- Gaggon Location in Punjab, India Gaggon Gaggon (India)
- Coordinates: 30°53′31″N 76°25′27″E﻿ / ﻿30.89194°N 76.42417°E
- Country: India
- State: Punjab

Languages
- • Official: Punjabi
- Time zone: UTC+5:30 (IST)
- Vehicle registration: PB
- Coastline: 0 kilometres (0 mi)

= Gaggon =

Gaggon is a village in Rupnagar (Ropar) district of Punjab. It has population of 578 and total area of 2.4 km^{2}. It is 5 km from Chamkaur (an important Sikh pilgrimage site) and 12 km from district headquarters Ropar.

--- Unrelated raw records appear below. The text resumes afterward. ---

Variables (T U : choiceType) (E : set T) (I : nat -> set U) (j : nat).
Variables (w G : T -> R) (v H : nat -> U -> R) (c : nat -> R).
Hypotheses (w_ge0 : forall t, (0 <= w t)%R) (v_ge0 : forall l u, (0 <= v l u)%R).
Hypothesis c_ge0 : forall l, (0 <= c l)%R.
Hypothesis nonneg_identity : forall F : R -> R, (forall x, 0 <= F x)%R ->
  \esum_(t in E) (w t * F (G t))%:E =
  \sum_(1 <= l < j.+1) (c l)%:E * \esum_(u in I l) (v l u * F (H l u))%:E.
Hypothesis rhs_summable :
  forall l, (1 <= l <= j)%N -> summable (I l) (fun u => (v l u * H l u)%:E).

Let esum_v_fin_num (F : R -> R) l : (forall x, 0 <= F x <= `|x|)%R -> (1 <= l <= j)%N ->
  \esum_(u in I l) (v l u * F (H l u))%:E \is a fin_num.
Proof.
move=> F_bnd hl; have F0 x : (0 <= F x)%R by have /andP[] := F_bnd x.
rewrite ge0_fin_numE; last by apply: esum_ge0 => u _; rewrite lee_fin mulr_ge0.
apply: le_lt_trans (rhs_summable hl); apply: le_esum => u _.
by rewrite abse_EFin_mul // lee_fin ler_wpM2l //; have /andP[] := F_bnd (H l u).
Qed.

Lemma signed_summable : summable E (fun t => (w t * G t)%:E).
Proof.
rewrite /summable; under eq_esum do rewrite abse_EFin_mul //.
rewrite (@nonneg_identity (fun x => `|x|%R)) // big_nat_cond.
apply: lte_sum_pinfty => l /andP[hl _].
rewrite -ge0_fin_numE; last first.
  by rewrite mule_ge0 ?lee_fin // esum_ge0 // => u _; rewrite lee_fin mulr_ge0.
by rewrite fin_numM // esum_v_fin_num // => x; rewrite lexx normr_ge0.
Qed.

Lemma signed_identity :
  sumR E (fun t => (w t * G t)%R) =
  \sum_(1 <= l < j.+1) (c l)%:E * sumR (I l) (fun u => (v l u * H l u)%R).
Proof.
have pos_bnd (x : R) : (0 <= Num.max x 0 <= `|x|)%R.
  by rewrite le_max lexx orbT ge_max ler_norm normr_ge0.
have neg_bnd (x : R) : (0 <= Num.max (- x) 0 <= `|x|)%R.
  by rewrite le_max lexx orbT ge_max -normrN ler_norm normr_ge0.
have pos_ge0 (x : R) : (0 <= Num.max x 0)%R by have /andP[] := pos_bnd x.
have neg_ge0 (x : R) : (0 <= Num.max (- x) 0)%R by have /andP[] := neg_bnd x.
rewrite /sumR funepos_EFin_mul // funeneg_EFin_mul //.
rewrite (nonneg_identity pos_ge0) (nonneg_identity neg_ge0).
rewrite big_nat_cond [X in _ - X]big_nat_cond [RHS]big_nat_cond.
rewrite -fin_num_sumeN => [|l /andP[hl _]]; last first.
  by apply: fin_numM => //; apply: (esum_v_fin_num neg_bnd).
rewrite -big_split /=; apply: eq_bigr => l /andP[hl _].
rewrite funepos_EFin_mul // funeneg_EFin_mul // muleBr //.
exact/fin_num_adde_defr/(esum_v_fin_num pos_bnd).
Qed.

The village is located on Guru Gobind Singh Marg. The main communities are Jatt Sikh, Saini, Scheduled castes and Brahmins. Sikhism is the dominant faith. There are two gurudwaras, a Valmiki temple and a shrine dedicated to Gugga Pir.

Two martyrs in World War II were born in Gaggon. Major crops grown in village are wheat, rice, maize, sugarcane, etc. Nearby villages are Gadhram Kalan, Gadhram Khurd, Dehar, Salempur, Makdona Kalan, Makdona Khurd, Rampur Bet.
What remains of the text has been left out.